To exclude biased results, the LSS performance should be assessed in the validation groupevaluating the mean prediction error or bias and the root mean squared prediction error or precision, as well as the median prediction error and the median absolute prediction error [26]. These same figures can be also calculated based on percentage prediction error, and expressed in percentages, to be more easily interpretable in the clinical contest as suggested by Baraldo et al. [25]. In both cases, the values of these parameters are inversely and proportionally linked to the LSS prediction. In the end, the correlation coefficient (r) and the coefficient of determination (R2) between the estimated and the observed AUC0-12h must be assessed.

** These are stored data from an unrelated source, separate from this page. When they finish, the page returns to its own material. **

(* Let $v$ be a typical weight and let $X$ be an initial space such that for every $f\in X$ and $0\le r<1$ the function $f_r(z)=f(rz)$ is in $X$ and $\sup_{0\le r<1}\|f_r\|_X\le C\|f\|_X$ for a constant $C$ independent of $f$. Let $T$ be an intrinsic operator on $\mathcal{H}(\mathbb{D})$ such that $T:X\to\mathcal{B}_v$ is bounded and $Tf_r\in\mathcal{B}_{v,0}$ for all $f\in X$, $0\le r<1$. Then the following are equivalent: (i) $T:X\to\mathcal{B}_v$ is compact; (ii) $T:X\to\mathcal{B}_{v,0}$ is compact; (iii) $\lim_{|z|\to1}v(z)\|T^*K_{z,1}^{\mathcal{B}}\|=0$.
   Context: $\mathcal{H}(\mathbb{D})$ is the space of holomorphic functions on the unit disk $\mathbb{D}$ with the topology $\tau_{uc}$ of uniform convergence on compact subsets. A linear operator $T$ on $\mathcal{H}(\mathbb{D})$ is intrinsic if it maps $\tau_{uc}$-convergent sequences to $\tau_{uc}$-convergent sequences. An initial space is a Banach space $X\subset\mathcal{H}(\mathbb{D})$ containing the polynomials such that every sequence in the closed unit ball of $X$ has a subsequence converging in $\tau_{uc}$ to some function in $X$. A typical weight is a continuous radial $v:\mathbb{D}\to(0,1]$, non-increasing in $|z|$, with $v(z)\to0$ as $|z|\to1$. $\mathcal{B}_v=\{f:\sup_z v(z)|f'(z)|<\infty\}$ with norm $|f(0)|+\sup_z v(z)|f'(z)|$, $\mathcal{B}_{v,0}=\{f:\lim_{|z|\to1}v(z)|f'(z)|=0\}$. $K_{z,1}^{\mathcal{B}}$ is the derivative point evaluation $g\mapsto g'(z)$ on $\mathcal{B}_v$ and $T^*:\mathcal{B}_v^*\to X^*$ the adjoint of $T:X\to\mathcal{B}_v$. *)

From Stdlib Require Import Reals Lra ClassicalEpsilon.
From Coquelicot Require Import Coquelicot.
Open Scope R_scope.

Definition Dsk : Type := {z : C | Cmod z < 1}.

Lemma Cmod0_lt1 : Cmod (RtoC 0) < 1.
Proof. rewrite Cmod_0. lra. Qed.

Definition D0 : Dsk := exist _ (RtoC 0) Cmod0_lt1.

(* Functions on the disk are  Dsk -> C.  [ext f] extends f by 0 outside D
   (irrelevant for derivatives since D is open). *)
Definition ext (f : Dsk -> C) (w : C) : C :=
  match Rlt_dec (Cmod w) 1 with
  | left H => f (exist _ w H)
  | right _ => RtoC 0
  end.

Definition holo (f : Dsk -> C) : Prop :=
  forall z : Dsk, @ex_derive C_AbsRing C_NormedModule (ext f) (proj1_sig z).

Definition hder (f : Dsk -> C) (z : Dsk) : C :=
  epsilon (inhabits (RtoC 0))
    (fun l => @is_derive C_AbsRing C_NormedModule (ext f) (proj1_sig z) l).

Recently, Baraldo et al. reviewed the state of the art of MPA LSSs in HTx recipients [25]. In the last few years, the immunosuppression therapy after HTx has changed, with the massive use of TAC compared to CsA, in combination with MMF and corticosteroids.

This pilot study aimed to test, in a heterogeneous cohort of patients treated with MMF and CSA or TAC, two algorithms of LSSs previously generated by Baraldo et al. [27, 28] in a selected cohort of HTx recipients treated with MMF and CSA. These algorithms were selected due to their good performance [28] and given the hypothesis that the LSSs sampling time point schedule was able to determinate MPA AUC0-12h even when MMF was administrated combined with TAC.

If this pilot study reports positive results, the generation of new LSS in a population of HTx treated with MMF and TAC would not be required.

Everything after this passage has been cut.